Assignment => Take the entries that follow and return exactly the lines from the one holding "(i0 i1 : 'I_n)" through the one holding "have [v v01", both included. Nothing else is needed.

[Dataset entries]

**********

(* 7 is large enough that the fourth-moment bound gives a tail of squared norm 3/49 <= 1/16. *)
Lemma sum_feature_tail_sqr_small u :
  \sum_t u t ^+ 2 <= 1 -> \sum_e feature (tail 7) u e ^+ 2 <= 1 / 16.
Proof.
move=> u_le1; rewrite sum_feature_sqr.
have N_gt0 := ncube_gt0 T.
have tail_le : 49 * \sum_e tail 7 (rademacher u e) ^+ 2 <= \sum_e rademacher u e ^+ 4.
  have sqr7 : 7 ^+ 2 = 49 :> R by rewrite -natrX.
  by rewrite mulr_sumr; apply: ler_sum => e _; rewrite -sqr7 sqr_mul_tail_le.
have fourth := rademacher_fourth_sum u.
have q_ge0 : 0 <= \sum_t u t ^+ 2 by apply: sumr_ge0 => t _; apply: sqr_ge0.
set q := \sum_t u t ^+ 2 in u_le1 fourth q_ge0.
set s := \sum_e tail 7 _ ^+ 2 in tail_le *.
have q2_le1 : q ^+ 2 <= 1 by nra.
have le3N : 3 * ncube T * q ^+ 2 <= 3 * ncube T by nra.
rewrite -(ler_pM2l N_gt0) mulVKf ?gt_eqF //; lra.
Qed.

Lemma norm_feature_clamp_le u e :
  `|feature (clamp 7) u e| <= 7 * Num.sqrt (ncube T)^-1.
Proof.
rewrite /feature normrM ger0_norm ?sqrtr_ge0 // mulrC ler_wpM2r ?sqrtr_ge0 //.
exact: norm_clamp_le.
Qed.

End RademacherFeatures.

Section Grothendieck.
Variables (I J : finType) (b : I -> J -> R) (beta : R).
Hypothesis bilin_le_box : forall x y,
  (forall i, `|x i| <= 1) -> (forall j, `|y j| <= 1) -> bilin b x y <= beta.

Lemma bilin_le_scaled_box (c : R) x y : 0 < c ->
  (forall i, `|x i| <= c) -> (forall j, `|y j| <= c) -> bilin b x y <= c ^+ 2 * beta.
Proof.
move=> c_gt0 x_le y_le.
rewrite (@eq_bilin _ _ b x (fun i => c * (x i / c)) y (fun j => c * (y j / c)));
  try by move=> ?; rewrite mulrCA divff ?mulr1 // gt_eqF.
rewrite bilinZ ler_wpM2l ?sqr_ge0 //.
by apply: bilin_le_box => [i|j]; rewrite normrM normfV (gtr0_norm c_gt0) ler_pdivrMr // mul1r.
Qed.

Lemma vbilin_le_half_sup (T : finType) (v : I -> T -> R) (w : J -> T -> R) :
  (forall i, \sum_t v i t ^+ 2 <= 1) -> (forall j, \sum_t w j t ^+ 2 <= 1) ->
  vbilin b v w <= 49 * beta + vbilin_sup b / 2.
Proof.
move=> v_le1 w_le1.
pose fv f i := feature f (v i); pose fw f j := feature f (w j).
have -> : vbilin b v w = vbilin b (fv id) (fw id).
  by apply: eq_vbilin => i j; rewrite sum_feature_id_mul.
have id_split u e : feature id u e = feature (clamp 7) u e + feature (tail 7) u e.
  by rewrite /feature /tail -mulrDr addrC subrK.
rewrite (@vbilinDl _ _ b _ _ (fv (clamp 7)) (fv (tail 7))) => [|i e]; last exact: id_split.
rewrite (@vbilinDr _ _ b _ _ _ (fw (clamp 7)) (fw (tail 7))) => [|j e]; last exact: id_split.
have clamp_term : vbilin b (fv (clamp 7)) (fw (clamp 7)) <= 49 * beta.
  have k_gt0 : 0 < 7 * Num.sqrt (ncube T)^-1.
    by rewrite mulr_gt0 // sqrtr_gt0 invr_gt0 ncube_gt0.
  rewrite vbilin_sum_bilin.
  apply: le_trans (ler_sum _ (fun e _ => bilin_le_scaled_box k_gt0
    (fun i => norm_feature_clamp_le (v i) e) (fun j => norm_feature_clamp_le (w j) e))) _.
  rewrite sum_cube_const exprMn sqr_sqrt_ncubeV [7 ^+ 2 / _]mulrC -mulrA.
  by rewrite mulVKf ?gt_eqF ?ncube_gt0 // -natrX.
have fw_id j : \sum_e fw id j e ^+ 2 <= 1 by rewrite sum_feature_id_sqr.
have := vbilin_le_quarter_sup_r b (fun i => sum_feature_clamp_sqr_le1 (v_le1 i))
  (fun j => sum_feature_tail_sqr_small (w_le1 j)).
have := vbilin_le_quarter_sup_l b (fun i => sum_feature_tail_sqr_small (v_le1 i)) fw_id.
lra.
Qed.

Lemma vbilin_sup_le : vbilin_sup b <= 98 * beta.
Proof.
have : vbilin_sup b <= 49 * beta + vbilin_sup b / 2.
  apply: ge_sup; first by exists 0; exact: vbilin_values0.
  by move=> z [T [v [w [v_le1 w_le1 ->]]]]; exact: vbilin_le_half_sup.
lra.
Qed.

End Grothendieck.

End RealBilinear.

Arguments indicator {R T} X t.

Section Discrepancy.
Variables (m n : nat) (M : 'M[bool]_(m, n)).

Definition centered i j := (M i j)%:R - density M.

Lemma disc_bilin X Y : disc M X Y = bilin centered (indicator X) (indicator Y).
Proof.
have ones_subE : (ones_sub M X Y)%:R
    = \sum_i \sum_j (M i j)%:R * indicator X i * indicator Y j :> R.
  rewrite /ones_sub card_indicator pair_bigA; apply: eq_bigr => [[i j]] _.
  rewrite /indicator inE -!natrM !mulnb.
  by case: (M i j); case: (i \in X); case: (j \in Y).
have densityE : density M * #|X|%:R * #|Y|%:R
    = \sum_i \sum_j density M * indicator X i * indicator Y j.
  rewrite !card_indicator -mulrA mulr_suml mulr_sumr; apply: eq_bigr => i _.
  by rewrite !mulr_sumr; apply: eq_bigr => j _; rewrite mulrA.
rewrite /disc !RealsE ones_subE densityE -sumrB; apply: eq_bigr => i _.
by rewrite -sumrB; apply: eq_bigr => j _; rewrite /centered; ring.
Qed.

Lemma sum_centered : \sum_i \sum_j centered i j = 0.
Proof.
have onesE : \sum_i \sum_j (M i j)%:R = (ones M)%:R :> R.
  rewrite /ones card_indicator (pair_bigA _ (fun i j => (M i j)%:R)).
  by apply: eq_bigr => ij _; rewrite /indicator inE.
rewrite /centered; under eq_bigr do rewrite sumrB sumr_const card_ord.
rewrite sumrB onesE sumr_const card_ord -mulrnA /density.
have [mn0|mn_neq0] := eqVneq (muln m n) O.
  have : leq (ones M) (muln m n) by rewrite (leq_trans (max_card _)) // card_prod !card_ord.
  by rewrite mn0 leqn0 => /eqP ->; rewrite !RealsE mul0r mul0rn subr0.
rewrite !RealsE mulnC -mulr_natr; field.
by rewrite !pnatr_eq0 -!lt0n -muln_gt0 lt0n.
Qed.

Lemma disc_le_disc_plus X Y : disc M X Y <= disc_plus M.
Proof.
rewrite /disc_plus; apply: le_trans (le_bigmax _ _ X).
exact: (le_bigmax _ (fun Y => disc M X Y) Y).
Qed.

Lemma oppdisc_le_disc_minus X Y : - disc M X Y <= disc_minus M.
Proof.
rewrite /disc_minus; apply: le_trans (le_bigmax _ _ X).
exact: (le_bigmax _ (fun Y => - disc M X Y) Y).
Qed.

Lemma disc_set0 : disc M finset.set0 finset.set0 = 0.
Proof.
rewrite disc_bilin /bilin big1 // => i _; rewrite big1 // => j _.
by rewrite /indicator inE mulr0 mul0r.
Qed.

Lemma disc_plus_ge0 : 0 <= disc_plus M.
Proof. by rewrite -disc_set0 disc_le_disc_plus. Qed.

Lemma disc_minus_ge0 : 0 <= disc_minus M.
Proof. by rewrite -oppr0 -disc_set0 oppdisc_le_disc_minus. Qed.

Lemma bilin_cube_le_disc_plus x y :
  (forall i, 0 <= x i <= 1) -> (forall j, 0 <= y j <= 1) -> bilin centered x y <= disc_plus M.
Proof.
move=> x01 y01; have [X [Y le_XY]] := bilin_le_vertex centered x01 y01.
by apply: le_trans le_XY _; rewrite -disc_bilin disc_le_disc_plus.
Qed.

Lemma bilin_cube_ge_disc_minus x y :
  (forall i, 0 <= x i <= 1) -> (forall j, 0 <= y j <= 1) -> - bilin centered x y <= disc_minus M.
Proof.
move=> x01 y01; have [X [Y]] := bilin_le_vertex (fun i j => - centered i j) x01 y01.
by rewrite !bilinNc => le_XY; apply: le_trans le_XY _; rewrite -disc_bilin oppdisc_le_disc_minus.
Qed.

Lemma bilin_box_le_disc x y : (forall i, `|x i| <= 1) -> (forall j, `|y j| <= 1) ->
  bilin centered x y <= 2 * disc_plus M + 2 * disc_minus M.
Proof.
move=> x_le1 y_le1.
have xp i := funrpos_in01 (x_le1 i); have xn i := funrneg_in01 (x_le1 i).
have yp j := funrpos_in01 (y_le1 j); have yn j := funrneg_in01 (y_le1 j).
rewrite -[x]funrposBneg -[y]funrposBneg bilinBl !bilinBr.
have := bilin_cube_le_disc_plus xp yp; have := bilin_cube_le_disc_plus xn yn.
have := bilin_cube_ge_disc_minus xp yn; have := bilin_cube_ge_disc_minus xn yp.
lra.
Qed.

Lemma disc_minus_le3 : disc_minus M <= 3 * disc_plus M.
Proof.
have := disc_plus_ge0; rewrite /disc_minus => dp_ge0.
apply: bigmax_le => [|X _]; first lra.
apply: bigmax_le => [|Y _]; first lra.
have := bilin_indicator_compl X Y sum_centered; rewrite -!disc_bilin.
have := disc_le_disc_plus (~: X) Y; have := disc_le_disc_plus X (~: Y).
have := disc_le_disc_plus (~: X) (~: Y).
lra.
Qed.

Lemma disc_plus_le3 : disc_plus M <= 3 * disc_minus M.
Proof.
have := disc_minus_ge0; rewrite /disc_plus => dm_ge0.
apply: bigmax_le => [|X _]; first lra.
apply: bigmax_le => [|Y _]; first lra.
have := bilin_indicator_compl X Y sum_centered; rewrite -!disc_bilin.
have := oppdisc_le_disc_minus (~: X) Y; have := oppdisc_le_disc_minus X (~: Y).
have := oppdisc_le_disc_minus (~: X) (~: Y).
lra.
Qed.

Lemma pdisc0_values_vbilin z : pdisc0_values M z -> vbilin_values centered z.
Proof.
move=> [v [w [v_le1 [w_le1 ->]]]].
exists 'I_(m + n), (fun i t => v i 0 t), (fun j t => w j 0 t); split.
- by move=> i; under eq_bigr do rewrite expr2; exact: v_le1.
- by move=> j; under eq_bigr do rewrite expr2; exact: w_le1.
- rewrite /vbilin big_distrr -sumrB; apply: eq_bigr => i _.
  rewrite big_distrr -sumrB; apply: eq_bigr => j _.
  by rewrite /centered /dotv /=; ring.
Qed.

**********

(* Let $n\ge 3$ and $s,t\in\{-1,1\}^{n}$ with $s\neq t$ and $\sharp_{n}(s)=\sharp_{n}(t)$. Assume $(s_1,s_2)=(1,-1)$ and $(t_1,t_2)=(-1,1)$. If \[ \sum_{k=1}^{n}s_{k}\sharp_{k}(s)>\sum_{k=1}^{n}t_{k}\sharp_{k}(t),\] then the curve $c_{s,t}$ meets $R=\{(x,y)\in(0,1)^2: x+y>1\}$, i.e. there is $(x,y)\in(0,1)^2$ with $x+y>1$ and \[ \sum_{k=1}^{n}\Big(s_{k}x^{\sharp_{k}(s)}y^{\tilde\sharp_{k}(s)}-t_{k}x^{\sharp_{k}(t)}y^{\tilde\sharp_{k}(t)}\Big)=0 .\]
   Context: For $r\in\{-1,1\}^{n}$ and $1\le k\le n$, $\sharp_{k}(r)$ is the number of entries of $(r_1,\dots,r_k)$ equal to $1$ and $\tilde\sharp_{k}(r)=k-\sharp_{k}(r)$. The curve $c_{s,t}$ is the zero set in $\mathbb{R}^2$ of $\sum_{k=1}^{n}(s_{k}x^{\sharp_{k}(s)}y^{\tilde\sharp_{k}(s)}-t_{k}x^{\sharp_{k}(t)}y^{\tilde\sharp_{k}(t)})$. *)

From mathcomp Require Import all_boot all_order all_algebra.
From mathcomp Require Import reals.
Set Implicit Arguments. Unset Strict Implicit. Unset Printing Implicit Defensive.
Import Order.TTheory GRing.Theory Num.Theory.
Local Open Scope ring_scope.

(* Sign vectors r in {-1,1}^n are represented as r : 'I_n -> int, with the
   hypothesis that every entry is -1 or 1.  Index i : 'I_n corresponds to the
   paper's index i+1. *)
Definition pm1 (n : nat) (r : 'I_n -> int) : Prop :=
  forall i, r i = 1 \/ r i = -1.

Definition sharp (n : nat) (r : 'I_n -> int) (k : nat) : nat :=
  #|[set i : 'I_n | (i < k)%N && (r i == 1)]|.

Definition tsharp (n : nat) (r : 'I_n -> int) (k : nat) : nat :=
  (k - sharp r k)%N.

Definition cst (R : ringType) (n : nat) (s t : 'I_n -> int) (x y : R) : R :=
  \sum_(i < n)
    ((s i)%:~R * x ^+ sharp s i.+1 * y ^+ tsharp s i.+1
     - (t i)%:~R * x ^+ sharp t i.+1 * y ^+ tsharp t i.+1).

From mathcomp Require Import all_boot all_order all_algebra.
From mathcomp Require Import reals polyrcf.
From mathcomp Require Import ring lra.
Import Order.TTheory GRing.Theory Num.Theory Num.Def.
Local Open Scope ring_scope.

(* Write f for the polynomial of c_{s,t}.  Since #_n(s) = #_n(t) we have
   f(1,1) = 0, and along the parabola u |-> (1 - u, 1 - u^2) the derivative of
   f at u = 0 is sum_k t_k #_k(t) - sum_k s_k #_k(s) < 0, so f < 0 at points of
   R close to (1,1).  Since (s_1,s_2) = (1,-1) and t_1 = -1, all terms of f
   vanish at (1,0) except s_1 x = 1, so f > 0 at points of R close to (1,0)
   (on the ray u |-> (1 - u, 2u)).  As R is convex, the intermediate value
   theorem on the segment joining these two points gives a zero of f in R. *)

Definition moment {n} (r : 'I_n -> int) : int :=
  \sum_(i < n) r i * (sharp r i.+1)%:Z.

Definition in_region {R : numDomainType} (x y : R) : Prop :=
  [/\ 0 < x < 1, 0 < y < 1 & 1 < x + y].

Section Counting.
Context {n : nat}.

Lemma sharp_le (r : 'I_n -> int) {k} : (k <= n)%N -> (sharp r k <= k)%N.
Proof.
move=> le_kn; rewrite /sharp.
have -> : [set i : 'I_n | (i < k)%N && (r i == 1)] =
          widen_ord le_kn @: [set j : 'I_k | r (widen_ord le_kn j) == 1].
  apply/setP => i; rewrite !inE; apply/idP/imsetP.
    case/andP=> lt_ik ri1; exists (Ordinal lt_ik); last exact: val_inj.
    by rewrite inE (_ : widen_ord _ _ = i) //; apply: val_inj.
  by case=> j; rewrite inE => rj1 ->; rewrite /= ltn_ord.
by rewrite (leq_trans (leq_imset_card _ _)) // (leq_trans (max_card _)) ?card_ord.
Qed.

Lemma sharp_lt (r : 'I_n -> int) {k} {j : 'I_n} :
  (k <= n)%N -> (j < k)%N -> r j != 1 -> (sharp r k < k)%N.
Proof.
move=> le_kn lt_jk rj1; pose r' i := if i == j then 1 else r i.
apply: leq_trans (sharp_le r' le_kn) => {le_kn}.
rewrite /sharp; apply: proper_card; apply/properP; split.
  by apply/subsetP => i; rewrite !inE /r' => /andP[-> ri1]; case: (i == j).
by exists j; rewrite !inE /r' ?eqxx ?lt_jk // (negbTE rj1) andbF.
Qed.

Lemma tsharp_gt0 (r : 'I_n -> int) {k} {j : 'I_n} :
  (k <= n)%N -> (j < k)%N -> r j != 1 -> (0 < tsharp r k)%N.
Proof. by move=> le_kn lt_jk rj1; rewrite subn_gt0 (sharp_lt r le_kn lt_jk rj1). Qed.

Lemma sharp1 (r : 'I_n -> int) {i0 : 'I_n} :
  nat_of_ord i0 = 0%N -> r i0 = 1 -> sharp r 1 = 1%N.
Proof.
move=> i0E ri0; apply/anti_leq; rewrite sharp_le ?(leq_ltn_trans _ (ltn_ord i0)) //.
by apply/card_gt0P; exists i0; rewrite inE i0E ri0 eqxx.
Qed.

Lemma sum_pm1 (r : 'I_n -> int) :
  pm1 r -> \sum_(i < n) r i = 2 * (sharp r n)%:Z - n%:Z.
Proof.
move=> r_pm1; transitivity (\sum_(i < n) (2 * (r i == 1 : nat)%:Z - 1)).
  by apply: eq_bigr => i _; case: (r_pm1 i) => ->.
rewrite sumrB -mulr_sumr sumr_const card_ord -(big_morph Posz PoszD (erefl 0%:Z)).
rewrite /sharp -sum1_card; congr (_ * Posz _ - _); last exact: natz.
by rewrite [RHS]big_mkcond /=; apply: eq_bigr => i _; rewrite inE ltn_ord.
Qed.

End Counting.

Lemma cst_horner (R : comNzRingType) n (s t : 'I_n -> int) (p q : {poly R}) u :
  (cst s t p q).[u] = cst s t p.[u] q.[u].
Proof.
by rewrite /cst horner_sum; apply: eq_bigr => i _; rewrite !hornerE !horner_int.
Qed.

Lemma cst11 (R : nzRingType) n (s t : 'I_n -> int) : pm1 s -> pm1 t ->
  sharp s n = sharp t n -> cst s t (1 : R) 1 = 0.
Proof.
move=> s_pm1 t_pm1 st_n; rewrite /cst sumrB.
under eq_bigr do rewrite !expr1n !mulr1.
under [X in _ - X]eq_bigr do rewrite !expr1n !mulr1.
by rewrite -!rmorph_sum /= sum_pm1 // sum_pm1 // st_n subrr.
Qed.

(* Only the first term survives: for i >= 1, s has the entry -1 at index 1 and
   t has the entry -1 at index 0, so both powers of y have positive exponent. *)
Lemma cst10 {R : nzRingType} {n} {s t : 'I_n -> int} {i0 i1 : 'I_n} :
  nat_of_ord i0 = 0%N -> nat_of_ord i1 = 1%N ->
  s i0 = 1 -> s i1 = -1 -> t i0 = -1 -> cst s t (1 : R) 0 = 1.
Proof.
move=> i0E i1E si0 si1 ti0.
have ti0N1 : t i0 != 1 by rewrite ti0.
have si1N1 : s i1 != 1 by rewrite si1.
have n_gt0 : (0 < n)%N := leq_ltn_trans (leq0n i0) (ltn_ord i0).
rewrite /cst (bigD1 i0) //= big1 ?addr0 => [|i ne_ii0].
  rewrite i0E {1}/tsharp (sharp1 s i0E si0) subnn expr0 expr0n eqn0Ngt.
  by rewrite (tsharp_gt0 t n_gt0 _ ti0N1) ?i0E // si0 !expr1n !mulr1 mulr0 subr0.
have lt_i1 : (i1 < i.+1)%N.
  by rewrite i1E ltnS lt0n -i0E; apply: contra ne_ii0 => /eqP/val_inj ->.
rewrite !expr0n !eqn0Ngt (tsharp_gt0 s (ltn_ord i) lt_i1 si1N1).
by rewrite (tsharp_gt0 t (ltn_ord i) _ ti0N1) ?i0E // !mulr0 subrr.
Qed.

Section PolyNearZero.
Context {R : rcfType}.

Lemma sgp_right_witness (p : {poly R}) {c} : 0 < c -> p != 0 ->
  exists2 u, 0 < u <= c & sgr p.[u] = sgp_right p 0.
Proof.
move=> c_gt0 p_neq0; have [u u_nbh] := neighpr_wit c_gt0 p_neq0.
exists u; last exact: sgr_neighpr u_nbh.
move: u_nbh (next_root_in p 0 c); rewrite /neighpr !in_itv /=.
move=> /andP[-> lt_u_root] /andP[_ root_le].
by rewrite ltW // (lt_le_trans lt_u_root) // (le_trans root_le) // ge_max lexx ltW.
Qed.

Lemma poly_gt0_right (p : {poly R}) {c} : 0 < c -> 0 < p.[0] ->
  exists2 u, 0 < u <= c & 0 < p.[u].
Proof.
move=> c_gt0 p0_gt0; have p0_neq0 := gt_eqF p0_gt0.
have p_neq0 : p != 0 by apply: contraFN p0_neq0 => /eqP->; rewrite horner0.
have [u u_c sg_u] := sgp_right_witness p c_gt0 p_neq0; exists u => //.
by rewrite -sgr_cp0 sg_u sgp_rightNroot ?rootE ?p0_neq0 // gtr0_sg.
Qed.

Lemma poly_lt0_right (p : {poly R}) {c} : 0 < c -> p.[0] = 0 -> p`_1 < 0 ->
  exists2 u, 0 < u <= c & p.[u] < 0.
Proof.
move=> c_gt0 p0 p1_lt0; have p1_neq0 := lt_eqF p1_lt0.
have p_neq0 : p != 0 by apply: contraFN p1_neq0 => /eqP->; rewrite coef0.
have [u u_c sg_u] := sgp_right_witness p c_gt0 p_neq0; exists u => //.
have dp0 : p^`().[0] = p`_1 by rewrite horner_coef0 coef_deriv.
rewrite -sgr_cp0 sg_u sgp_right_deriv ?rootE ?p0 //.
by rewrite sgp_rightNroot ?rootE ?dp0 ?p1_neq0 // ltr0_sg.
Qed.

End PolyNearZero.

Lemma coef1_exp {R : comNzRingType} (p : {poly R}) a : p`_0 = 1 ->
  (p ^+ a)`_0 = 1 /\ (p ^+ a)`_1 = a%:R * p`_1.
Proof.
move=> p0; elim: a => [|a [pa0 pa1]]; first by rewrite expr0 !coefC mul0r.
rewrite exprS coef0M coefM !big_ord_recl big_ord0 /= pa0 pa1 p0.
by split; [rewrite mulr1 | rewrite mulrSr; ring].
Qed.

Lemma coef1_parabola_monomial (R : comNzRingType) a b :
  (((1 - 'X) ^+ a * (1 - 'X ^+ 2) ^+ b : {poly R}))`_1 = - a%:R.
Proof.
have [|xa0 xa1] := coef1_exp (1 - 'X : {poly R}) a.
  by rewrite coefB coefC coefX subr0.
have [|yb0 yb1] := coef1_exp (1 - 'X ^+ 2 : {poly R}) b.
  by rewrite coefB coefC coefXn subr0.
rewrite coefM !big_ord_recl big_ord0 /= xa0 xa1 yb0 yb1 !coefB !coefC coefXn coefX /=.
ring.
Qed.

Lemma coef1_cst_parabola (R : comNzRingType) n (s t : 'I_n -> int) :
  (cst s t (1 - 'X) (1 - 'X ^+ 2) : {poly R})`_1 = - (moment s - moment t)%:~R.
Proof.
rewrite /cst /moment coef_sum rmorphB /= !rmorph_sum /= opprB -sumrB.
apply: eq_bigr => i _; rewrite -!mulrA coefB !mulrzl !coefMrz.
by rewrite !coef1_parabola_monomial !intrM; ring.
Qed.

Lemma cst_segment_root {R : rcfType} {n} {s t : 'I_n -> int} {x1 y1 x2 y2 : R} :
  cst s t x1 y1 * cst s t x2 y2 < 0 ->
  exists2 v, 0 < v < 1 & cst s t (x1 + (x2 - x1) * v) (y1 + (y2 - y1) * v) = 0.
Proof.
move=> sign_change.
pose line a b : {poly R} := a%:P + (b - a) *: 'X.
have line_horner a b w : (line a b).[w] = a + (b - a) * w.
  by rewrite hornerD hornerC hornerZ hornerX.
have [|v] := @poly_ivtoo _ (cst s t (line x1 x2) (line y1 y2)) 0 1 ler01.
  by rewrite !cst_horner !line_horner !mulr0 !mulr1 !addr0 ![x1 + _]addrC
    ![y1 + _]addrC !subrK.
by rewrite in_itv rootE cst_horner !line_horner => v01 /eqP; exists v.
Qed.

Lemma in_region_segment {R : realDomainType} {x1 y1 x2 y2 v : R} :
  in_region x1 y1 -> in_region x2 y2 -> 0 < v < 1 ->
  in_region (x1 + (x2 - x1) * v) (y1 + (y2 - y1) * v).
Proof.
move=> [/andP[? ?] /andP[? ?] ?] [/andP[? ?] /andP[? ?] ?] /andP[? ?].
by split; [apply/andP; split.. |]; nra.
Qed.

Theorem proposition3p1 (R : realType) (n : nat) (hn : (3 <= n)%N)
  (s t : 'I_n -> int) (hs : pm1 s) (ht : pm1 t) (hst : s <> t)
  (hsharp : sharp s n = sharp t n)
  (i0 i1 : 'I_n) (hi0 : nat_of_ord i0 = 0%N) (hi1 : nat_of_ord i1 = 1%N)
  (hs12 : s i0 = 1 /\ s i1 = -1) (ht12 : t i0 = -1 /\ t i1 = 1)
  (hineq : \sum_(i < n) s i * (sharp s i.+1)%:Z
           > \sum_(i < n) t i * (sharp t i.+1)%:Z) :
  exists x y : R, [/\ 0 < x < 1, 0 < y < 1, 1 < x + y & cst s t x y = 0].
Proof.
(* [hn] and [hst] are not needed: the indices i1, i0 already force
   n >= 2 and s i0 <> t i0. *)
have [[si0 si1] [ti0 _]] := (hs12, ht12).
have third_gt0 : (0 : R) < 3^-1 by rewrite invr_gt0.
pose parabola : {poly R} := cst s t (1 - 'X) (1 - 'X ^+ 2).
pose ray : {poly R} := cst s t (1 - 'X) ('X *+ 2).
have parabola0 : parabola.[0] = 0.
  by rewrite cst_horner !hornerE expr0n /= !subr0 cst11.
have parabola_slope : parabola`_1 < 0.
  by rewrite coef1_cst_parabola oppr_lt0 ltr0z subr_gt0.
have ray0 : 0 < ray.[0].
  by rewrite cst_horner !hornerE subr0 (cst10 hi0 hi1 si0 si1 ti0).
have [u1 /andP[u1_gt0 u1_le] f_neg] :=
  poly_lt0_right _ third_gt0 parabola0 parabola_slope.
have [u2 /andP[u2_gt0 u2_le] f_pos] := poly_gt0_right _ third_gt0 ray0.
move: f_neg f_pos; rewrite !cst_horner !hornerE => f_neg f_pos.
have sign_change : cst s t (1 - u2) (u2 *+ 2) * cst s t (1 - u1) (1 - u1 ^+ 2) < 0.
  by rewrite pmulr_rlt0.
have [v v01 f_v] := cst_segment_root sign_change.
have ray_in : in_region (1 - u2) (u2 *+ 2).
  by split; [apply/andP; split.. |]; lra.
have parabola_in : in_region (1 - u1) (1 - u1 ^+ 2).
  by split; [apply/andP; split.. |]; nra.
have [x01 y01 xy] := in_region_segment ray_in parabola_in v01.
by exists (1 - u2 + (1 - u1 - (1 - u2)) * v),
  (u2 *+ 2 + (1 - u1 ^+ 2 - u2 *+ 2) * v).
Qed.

**********

Written answer =>
  (i0 i1 : 'I_n) (hi0 : nat_of_ord i0 = 0%N) (hi1 : nat_of_ord i1 = 1%N)
  (hs12 : s i0 = 1 /\ s i1 = -1) (ht12 : t i0 = -1 /\ t i1 = 1)
  (hineq : \sum_(i < n) s i * (sharp s i.+1)%:Z
           > \sum_(i < n) t i * (sharp t i.+1)%:Z) :
  exists x y : R, [/\ 0 < x < 1, 0 < y < 1, 1 < x + y & cst s t x y = 0].
Proof.
(* [hn] and [hst] are not needed: the indices i1, i0 already force
   n >= 2 and s i0 <> t i0. *)
have [[si0 si1] [ti0 _]] := (hs12, ht12).
have third_gt0 : (0 : R) < 3^-1 by rewrite invr_gt0.
pose parabola : {poly R} := cst s t (1 - 'X) (1 - 'X ^+ 2).
pose ray : {poly R} := cst s t (1 - 'X) ('X *+ 2).
have parabola0 : parabola.[0] = 0.
  by rewrite cst_horner !hornerE expr0n /= !subr0 cst11.
have parabola_slope : parabola`_1 < 0.
  by rewrite coef1_cst_parabola oppr_lt0 ltr0z subr_gt0.
have ray0 : 0 < ray.[0].
  by rewrite cst_horner !hornerE subr0 (cst10 hi0 hi1 si0 si1 ti0).
have [u1 /andP[u1_gt0 u1_le] f_neg] :=
  poly_lt0_right _ third_gt0 parabola0 parabola_slope.
have [u2 /andP[u2_gt0 u2_le] f_pos] := poly_gt0_right _ third_gt0 ray0.
move: f_neg f_pos; rewrite !cst_horner !hornerE => f_neg f_pos.
have sign_change : cst s t (1 - u2) (u2 *+ 2) * cst s t (1 - u1) (1 - u1 ^+ 2) < 0.
  by rewrite pmulr_rlt0.
have [v v01 f_v] := cst_segment_root sign_change.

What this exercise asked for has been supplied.